#56 Marselha 1988-89
Sete-dois. É dose. O Marselha, até então cinco vezes campeão nacional, é o terceiro grande em Framça – só atrás de Saint Étienne (9) e Reims (6). Estamos na última jornada da 1.ª divisão 1979-80, o Marselha está nos lugares de descida e visita o último classificado Brest. Surpresa das surpresas, acaba sete-dois. Para o Brest.
Grande coboiada. O Marselha já não tem esperança de sair do penúltimo lugar, entalado entre Best e Lyon (olha olha, outro Olympique), e apanha sete.
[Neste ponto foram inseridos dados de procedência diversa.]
(* If $K$ is upward directed, then for every $a\in K$ and every loop $\bar p$ based at $a$, the cycle $\chi_{\bar p}$ is an orthogonal projection of the form $Q\otimes I$ on $H_a\otimes l^2(S_a)$ (zero on the other summands of $\mathcal H$), where $Q$ is the orthogonal projection of $H_a$ onto the domain $H_{\bar p}$.
   Context: $K$ is a partially ordered set; it is upward directed if any two elements have a common upper bound. Elementary paths on $K$: for $b\le a$ the formal symbol $(b,a)$ and for $b\ge a$ the formal symbol $\overline{(b,a)}$; both have starting point $\partial_1=a$ and ending point $\partial_0=b$; $(a,a)=\overline{(a,a)}=:i_a$ is the trivial path. $\overline S$ is the set of finite sequences $\bar p=s_n*\cdots*s_1$ of elementary paths with $\partial_0 s_{i-1}=\partial_1 s_i$; $\partial_1\bar p=\partial_1 s_1$, $\partial_0\bar p=\partial_0 s_n$, and the concatenation $\bar p*\bar q$ is defined when $\partial_1\bar p=\partial_0\bar q$. The equivalence $\sim$ on $\overline S$ is the smallest equivalence relation compatible with concatenation such that for all $a\le b\le c$: $(a,b)*(b,c)\sim(a,c)$, $\overline{(c,b)}*\overline{(b,a)}\sim\overline{(c,a)}$, $(a,b)*\overline{(b,a)}\sim i_a$, $\overline{(b,a)}*(a,b)\sim i_b$. Equivalence classes $p=[\bar p]$ are called paths. $S_a$ denotes the set of paths $p$ with $\partial_0p=a$. A loop based at $a$ is $\bar p\in\overline S$ with $\partial_0\bar p=\partial_1\bar p=a$. For each $a\in K$, $H_a$ is a Hilbert space with orthonormal basis $\{e^a_n\}_{n\ge1}$; for $a\le b$, $\gamma_{ba}:H_a\to H_b$ is an isometry mapping each basis vector $e^a_n$ to a basis vector of $\{e^b_m\}$, with $\gamma_{aa}=\mathrm{id}$ and $\gamma_{ca}=\gamma_{cb}\gamma_{ba}$ for $a\le b\le c$. $l^2(S_a)$ is the Hilbert space with orthonormal basis $\{e_p\}_{p\in S_a}$, and $\mathcal H=\bigoplus_{a\in K}H_a\otimes l^2(S_a)$. For $a\le b$, $\chi_a^b\in B(\mathcal H)$ vanishes on all summands other than $H_a\otimes l^2(S_a)$ and satisfies $\chi_a^b(h\otimes e_p)=\gamma_{ba}(h)\otimes e_{[\overline{(b,a)}*\bar p]}$ for $h\in H_a$, $p\in S_a$, $\bar p\in p$; $\chi_a^{b*}$ is its adjoint. For an elementary path put $\chi_{\overline{(b,a)}}=\chi_a^b$ ($a\le b$) and $\chi_{(b,a)}=\chi_b^{a*}$ ($b\le a$), and for $\bar p=s_n*\cdots*s_1\in\overline S$ put $\chi_{\bar p}=\chi_{s_n}\cdots\chi_{s_1}$. For a loop $\bar p$, $\chi_{\bar p}$ is called a cycle. The domain $H_{\bar p}$ of $\bar p$ is the closed subspace of $H_{\partial_1\bar p}$ consisting of the vectors $h$ with $\|\chi_{\bar p}(h\otimes e_s)\|=\|h\|$ for all $s\in S_{\partial_1\bar p}$. *)

From Stdlib Require Import Reals List Classical ClassicalEpsilon.
Import ListNotations.
Set Implicit Arguments.
Open Scope R_scope.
Os jornais desportivos do dia seguinte anunciam a morte do Marselha, afundado desportiva e administrativamente, sem rei nem roque. Assim continua por uns bons anos. Até mais precisamente 1986, altura em que um jovem político irreverente chamado Bernard Tapie assume o controlo do clube, como sucessor de Jean Carrieu.
Fanfarrão e insolente qb, Tapie já é uma força da natureza. É ele o dono do império alimentar La Vie Claire, patrocinador da equipa de ciclismo mais famosa do mundo e vencedor do Tour 1985 (Bernard Hinault) e 1986 (Greg LeMond). A sua primeira decisão no Marselha é contratar um braço-direito e nomeia para o lugar de director do futebol um homem sábio chamado Michel Hidalgo, campeão europeu pela França em 1984.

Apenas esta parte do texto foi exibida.